Al Hodges’ Bivens Suit -- After discussing this issue with a couple of shareholders, I thought it necessary to explain CMKM’s legal position regarding the Hodges’ suit with more clarity. Kevin West and the all those associated with CMKM including the new COO, the Board of Directors and all the lawyers being employed by the Company are dedicated to seeing this Company succeed and become a trading entity again. The promises made to shareholders before the current management took over have left many shareholders with the hopes and expectations of fabulous wealth and windfall profits from relatively small investments. The hope for wealth from this investment lives in many of us. The claims made in the Hodges’ suit are good reason for hope to continue. CMKM management has been on a steady course for three years to rebuild this Company. Because the previous management did not file tax reports, the Company is having to reconcile each year beginning in year 2002 in order to file each period accordingly to regain reporting status. The Company plans to maintain its course while the Hodges’ litigation comes to some resolution. I make these comments in regards to the Hodges’ suit for this reason. All work being performed by Kevin, his staff and his Board is for the sole purpose of benefitting all shareholders and bringing the Company back to trading status.

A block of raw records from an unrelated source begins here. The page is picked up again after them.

(* Let $S$ be a semigroup and $a_1,a_2,\dotsc$ a bijective (injective) sequence in $S$ that has no proper sumsequence. Let $A_\infty:=\bigcap_{n=1}^{\infty}\mathrm{FS}(a_n,a_{n+1},\dotsc)$. Then: (1) for each $s\in A_\infty$ and each $n$, there is a nonempty finite index set $F$ with $\min F\ge n$ and $s=a_F$; (2) $A_\infty$ is a (nonempty) subsemigroup of $S$; (3) every sequence $b_1,b_2,\dotsc$ of elements of $A_\infty$ is a sumsequence of $a_1,a_2,\dotsc$.
   Context: Semigroups are written additively and are not assumed commutative. For a sequence $a_1,a_2,\dotsc$ and a finite nonempty index set $F=\{i_1<\dotsb<i_m\}\subseteq\mathbb N$, let $a_F:=a_{i_1}+\dotsb+a_{i_m}$; write $F_1<F_2$ if every element of $F_1$ is smaller than every element of $F_2$. A sumsequence of $a_1,a_2,\dotsc$ is a sequence $a_{F_1},a_{F_2},\dotsc$ for some sequence $F_1<F_2<\dotsb$ of nonempty finite index sets. A sequence is proper if $a_{F_1}\ne a_{F_2}$ for all nonempty finite $F_1<F_2$. $\mathrm{FS}(a_n,a_{n+1},\dotsc)$ is the set of all $a_F$ with $F$ nonempty finite and $\min F\ge n$. *)

From mathcomp Require Import all_boot.
Set Implicit Arguments. Unset Strict Implicit. Unset Printing Implicit Defensive.

(* A semigroup is given by a carrier S and an associative operation op
   (written additively in the paper, not assumed commutative).
   Sequences are indexed by nat (starting at 0 instead of 1).
   A nonempty finite index set F = {i_1 < ... < i_m} is represented by the
   strictly increasing nonempty list [:: i_1; ...; i_m]. *)

Definition idxset (F : seq nat) : bool := (F != [::]) && sorted ltn F.

(* a_F = a_{i_1} + ... + a_{i_m} (left-bracketed; bracketing is irrelevant
   by associativity).  The value on the empty list is junk and never used. *)
Definition sumF (S : Type) (op : S -> S -> S) (a : nat -> S) (F : seq nat) : S :=
  if F is i :: s then foldl (fun x j => op x (a j)) (a i) s else a 0.

Definition setlt (F1 F2 : seq nat) : bool :=
  all (fun i => all (fun j => i < j) F2) F1.

Definition sumseq (S : Type) (op : S -> S -> S) (a b : nat -> S) : Prop :=
  exists F : nat -> seq nat,
    (forall k, idxset (F k)) /\ (forall k, setlt (F k) (F k.+1)) /\
    (forall k, b k = sumF op a (F k)).

Definition proper_seq (S : Type) (op : S -> S -> S) (a : nat -> S) : Prop :=
  forall F1 F2, idxset F1 -> idxset F2 -> setlt F1 F2 ->
    sumF op a F1 <> sumF op a F2.

Definition FS (S : Type) (op : S -> S -> S) (a : nat -> S) (n : nat) : S -> Prop :=
  fun s => exists F, [/\ idxset F, all (fun i => n <= i) F & s = sumF op a F].

Definition Ainf (S : Type) (op : S -> S -> S) (a : nat -> S) : S -> Prop :=
  fun s => forall n, FS op a n s.

(* (1) is the definition of A_oo unfolded.
   (2) Closure: given x = a_F and y = a_G with G chosen entirely above F
       (possible since y lies in every tail FS), x + y = a_(F ++ G).
       Nonemptiness is the heart of the lemma and is proved by contradiction:
       if A_oo is empty, every s leaves FS(a_N, ...) for some N, and since
       there are only finitely many a_F with F contained in [0, m], some
       N > m "escapes" all of them at once.  Iterating m |-> N gives indices
       m_0 < m_1 < ... such that no a_F with F in [0, m_k] lies in
       FS(a_(m_(k+1)), ...); then the subsequence (a_(m_k))_k is proper, and it
       is a sumsequence of a, contradicting the hypothesis.
   (3) Each b_k lies in every tail FS, so index sets F_0 < F_1 < ... with
       b_k = a_(F_k) are picked recursively, each above the previous one. *)
From Stdlib Require Import Classical ClassicalEpsilon.
From mathcomp Require Import all_boot.

Set Implicit Arguments.
Unset Strict Implicit.
Unset Printing Implicit Defensive.

Notation maxidx F := (\max_(i <- F) i).

Lemma setlt_above (F G : seq nat) :
  all (fun j => maxidx F < j) G -> setlt F G.
Proof.
move=> G_above; apply/allP => i iF; apply: sub_all G_above => j /=.
exact/leq_ltn_trans/leq_bigmax_seq.
Qed.

Lemma idxset_cat (F G : seq nat) :
  idxset F -> idxset G -> setlt F G -> idxset (F ++ G).
Proof.
case/andP=> F_nil F_sorted /andP[_ G_sorted] FG.
apply/andP; split; first by case: F F_nil {F_sorted FG}.
rewrite sorted_pairwise; last exact: ltn_trans.
by rewrite pairwise_cat -!sorted_pairwise ?F_sorted ?G_sorted ?andbT //;
  apply: ltn_trans.
Qed.

Lemma idxset_map (f : nat -> nat) (F : seq nat) :
  {homo f : i j / i < j} -> idxset F -> idxset (map f F).
Proof.
move=> f_incr /andP[F_nil F_sorted]; apply/andP; split.
  by rewrite -size_eq0 size_map size_eq0.
exact: homo_sorted F_sorted.
Qed.

Lemma idxset_head_min (j : nat) (F : seq nat) :
  idxset (j :: F) -> all (fun i => j <= i) (j :: F).
Proof.
case/andP=> _ /order_path_min-/(_ ltn_trans) F_above.
by rewrite /= leqnn; apply: sub_all F_above => i /ltnW.
Qed.

(* All subsequences of a list.  Applied to [0, m] it gives a finite list of
   all index sets inside [0, m], which drives the finiteness argument. *)
Fixpoint subseqs (T : Type) (s : seq T) : seq (seq T) :=
  if s is x :: s' then [seq x :: t | t <- subseqs s'] ++ subseqs s'
  else [:: [::]].

Lemma filter_in_subseqs (T : eqType) (p : pred T) (s : seq T) :
  [seq x <- s | p x] \in subseqs s.
Proof.
elim: s => [|x s IHs] /=; first by rewrite inE.
by rewrite mem_cat; case: (p x); rewrite ?map_f ?IHs ?orbT.
Qed.

(* An index set inside [0, m] is the filter of [0, m] by its own membership. *)
Lemma bounded_idxset_in_subseqs (m : nat) (F : seq nat) :
  idxset F -> all (fun i => i <= m) F -> F \in subseqs (iota 0 m.+1).
Proof.
case/andP=> _ F_sorted F_le.
suff -> : F = [seq i <- iota 0 m.+1 | i \in F] by apply: filter_in_subseqs.
apply: irr_sorted_eq F_sorted _ _; [exact: ltn_trans | exact: ltnn | |].
  exact/sorted_filter/iota_ltn_sorted/ltn_trans.
move=> i; rewrite mem_filter mem_iota add0n ltnS.
by case iF: (i \in F); rewrite //= (allP F_le).
Qed.

Section Sums.
Variables (S : Type) (op : S -> S -> S) (a : nat -> S).

Lemma sumF_map (f : nat -> nat) (F : seq nat) : F != [::] ->
  sumF op (fun k => a (f k)) F = sumF op a (map f F).
Proof. by case: F => //= i s _; elim: s (a (f i)) => //= j s IHs x. Qed.

Lemma FS_mono (n m : nat) (s : S) : n <= m -> FS op a m s -> FS op a n s.
Proof.
move=> le_nm [F [F_idx F_above ->]]; exists F; split => //.
by apply: sub_all F_above => i; apply: leq_trans.
Qed.

Hypothesis op_assoc : associative op.

Lemma sumF_cat (F G : seq nat) : F != [::] -> G != [::] ->
  sumF op a (F ++ G) = op (sumF op a F) (sumF op a G).
Proof.
case: F => // i s _; case: G => // j t _ /=; rewrite foldl_cat /=.
by elim: t (foldl _ (a i) s) (a j) => //= k t IHt x y; rewrite -op_assoc IHt.
Qed.

Lemma Ainf_op (x y : S) : Ainf op a x -> Ainf op a y -> Ainf op a (op x y).
Proof.
move=> Ax Ay n; have [F [F_idx F_above ->]] := Ax n.
have [G [G_idx G_above ->]] := Ay (n + maxidx F).+1.
have FG : setlt F G.
  by apply: setlt_above; apply: sub_all G_above => j; apply/leq_trans/leq_addl.
exists (F ++ G); split; first exact: idxset_cat.
  rewrite all_cat F_above; apply: sub_all G_above => j /=.
  by apply/leq_trans/ltnW; rewrite ltnS leq_addr.
by rewrite sumF_cat //; [case/andP: F_idx | case/andP: G_idx].
Qed.

Lemma Ainf_sumseq (b : nat -> S) : (forall k, Ainf op a (b k)) -> sumseq op a b.
Proof.
move=> Ab.
have [pick pickP] := choice (fun (nk : nat * nat) (F : seq nat) =>
  [/\ idxset F, all (fun i => nk.1 <= i) F & b nk.2 = sumF op a F])
  (fun nk => Ab nk.2 nk.1).
pose F := fix F k :=
  if k is k'.+1 then pick ((maxidx (F k')).+1, k) else pick (0, 0).
have F_above k : all (fun i => maxidx (F k) < i) (F k.+1).
  by have [] := pickP ((maxidx (F k)).+1, k.+1).
have F_sum k : idxset (F k) /\ b k = sumF op a (F k).
  case: k => [|k]; first by have [] := pickP (0, 0).
  by have [] := pickP ((maxidx (F k)).+1, k.+1).
exists F; split; [|split] => k; try by case: (F_sum k).
exact: setlt_above.
Qed.

End Sums.

Section Escape.
Variables (S : Type) (op : S -> S -> S) (a : nat -> S).

Definition escapes (m N : nat) : Prop :=
  forall F, idxset F -> all (fun i => i <= m) F -> ~ FS op a N (sumF op a F).

Lemma sumseq_subsequence (mk : nat -> nat) :
  {homo mk : i j / i < j} -> sumseq op a (fun k => a (mk k)).
Proof.
move=> mk_incr; exists (fun k => [:: mk k]).
by split; [|split] => // k; rewrite /setlt /= mk_incr.
Qed.

(* A subsequence along indices each escaping its predecessor is proper: for
   F1 < F2 with F2 starting at j+1, the sum over F1 uses indices <= mk j,
   while the sum over F2 lies in FS(a_(mk (j+1)), ...). *)
Lemma escaping_subsequence_proper (mk : nat -> nat) :
  {homo mk : i j / i < j} -> (forall k, escapes (mk k) (mk k.+1)) ->
  proper_seq op (fun k => a (mk k)).
Proof.
move=> mk_incr mk_escapes F1 [//|j F2] F1_idx F2_idx F1F2.
have F1_below : all (fun i => i < j) F1 by apply: sub_all F1F2 => i /andP[].
case: j F1_below F2_idx {F1F2} => [|j] F1_below F2_idx.
  by case/andP: F1_idx => + _; case: F1 F1_below.
rewrite (sumF_map op a mk (F := j.+1 :: F2)) // sumF_map;
  last by case/andP: F1_idx.
move=> sum_eq; apply: (mk_escapes j (map mk F1)); first exact: idxset_map.
  rewrite all_map; apply: sub_all F1_below => i /=.
  by rewrite ltnS leq_eqVlt => /predU1P[-> // | /mk_incr/ltnW].
rewrite sum_eq; exists (map mk (j.+1 :: F2)); split => //.
  exact: idxset_map.
rewrite all_map; apply: sub_all (idxset_head_min F2_idx) => i /=.
by rewrite leq_eqVlt => /predU1P[-> // | /mk_incr/ltnW].
Qed.

Hypothesis Ainf_empty : forall s, ~ Ainf op a s.

Lemma FS_leave (s : S) : exists n, ~ FS op a n s.
Proof. exact: not_all_ex_not (Ainf_empty (s := s)). Qed.

Lemma FS_leave_all (L : seq (seq nat)) :
  exists N, forall F, F \in L -> ~ FS op a N (sumF op a F).
Proof.
elim: L => [|F L [N N_leaves]]; first by exists 0.
have [n n_leaves] := FS_leave (sumF op a F).
exists (maxn n N) => G; rewrite inE => /predU1P[-> | GL] G_in.
  by apply: n_leaves; apply: FS_mono G_in; apply: leq_maxl.
by apply: (N_leaves G GL); apply: FS_mono G_in; apply: leq_maxr.
Qed.

(* Finitely many index sets lie inside [0, m], so some N > m escapes m. *)
Lemma escapes_exist (m : nat) : exists N, m < N /\ escapes m N.
Proof.
have [N N_leaves] := FS_leave_all (subseqs (iota 0 m.+1)).
exists (maxn N m.+1); split=> [|F F_idx F_le]; first exact: leq_maxr.
move/(FS_mono (leq_maxl N m.+1)).
by apply: N_leaves; apply: bounded_idxset_in_subseqs.
Qed.

End Escape.

(* Part (2), nonemptiness: otherwise iterating escapes_exist from 0 yields
   an escaping, hence proper, subsequence of a. *)
Lemma Ainf_nonempty (S : Type) (op : S -> S -> S) (a : nat -> S) :
  (forall b, sumseq op a b -> ~ proper_seq op b) -> exists s, Ainf op a s.
Proof.
move=> no_proper; apply: NNPP => no_Ainf.
have Ainf_empty s : ~ Ainf op a s by move=> As; apply: no_Ainf; exists s.
have [next nextP] := choice _ (escapes_exist Ainf_empty).
pose mk k := iter k next 0.
have mk_incr : {homo mk : i j / i < j}.
  by apply: homo_ltn => [|k]; [apply: ltn_trans | case: (nextP (mk k))].
apply: (no_proper _ (sumseq_subsequence op a mk_incr)).
by apply: escaping_subsequence_proper => // k; case: (nextP (mk k)).
Qed.

Theorem lemma2p4 (S : Type) (op : S -> S -> S) (op_assoc : associative op)
    (a : nat -> S) (a_inj : injective a)
    (no_proper : forall b, sumseq op a b -> ~ proper_seq op b) :
  (forall s, Ainf op a s -> forall n, exists F : seq nat,
      [/\ idxset F, all (fun i => n <= i) F & s = sumF op a F]) /\
  ((exists s, Ainf op a s) /\
   (forall x y, Ainf op a x -> Ainf op a y -> Ainf op a (op x y))) /\
  (forall b : nat -> S, (forall k, Ainf op a (b k)) -> sumseq op a b).
Proof.
split; first by move=> s As n; exact: As.
split; first split.
- exact: Ainf_nonempty.
- exact: Ainf_op.
- exact: Ainf_sumseq.
Qed.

When Kevin West took the job, he became duty bound to do things that are required of corporate officers. CMKM’s investigation does not reveal that any trust fund exists. The Company has stated publicly that it does not have any evidence of funds awaiting the shareholders. This does not mean there are no funds being held in trust for the shareholders. The Company simply has no evidence of the existence of these funds. This position by the Company does not mean the Company is opposed to the finding of funds belonging to the shareholders. Quite to the contrary, the Company exists for the sole reason of increasing the value of the stock to the shareholders. If it comes in the form of a windfall from a trust fund, then so be it. I personally think Al Hodges is a very capable and experienced attorney. I am hopeful that his litigation is successful but CMKM management does not have the luxury of waiting to see what will come of that lawsuit. Based on the recovery sought in the Hodge’s suit, if it is successful, the matters being litigated by the Company will pale in significance. The Company will watch the proceedings in the Hodge’s suit with great interest and hope that something of value comes of that litigation for the shareholders.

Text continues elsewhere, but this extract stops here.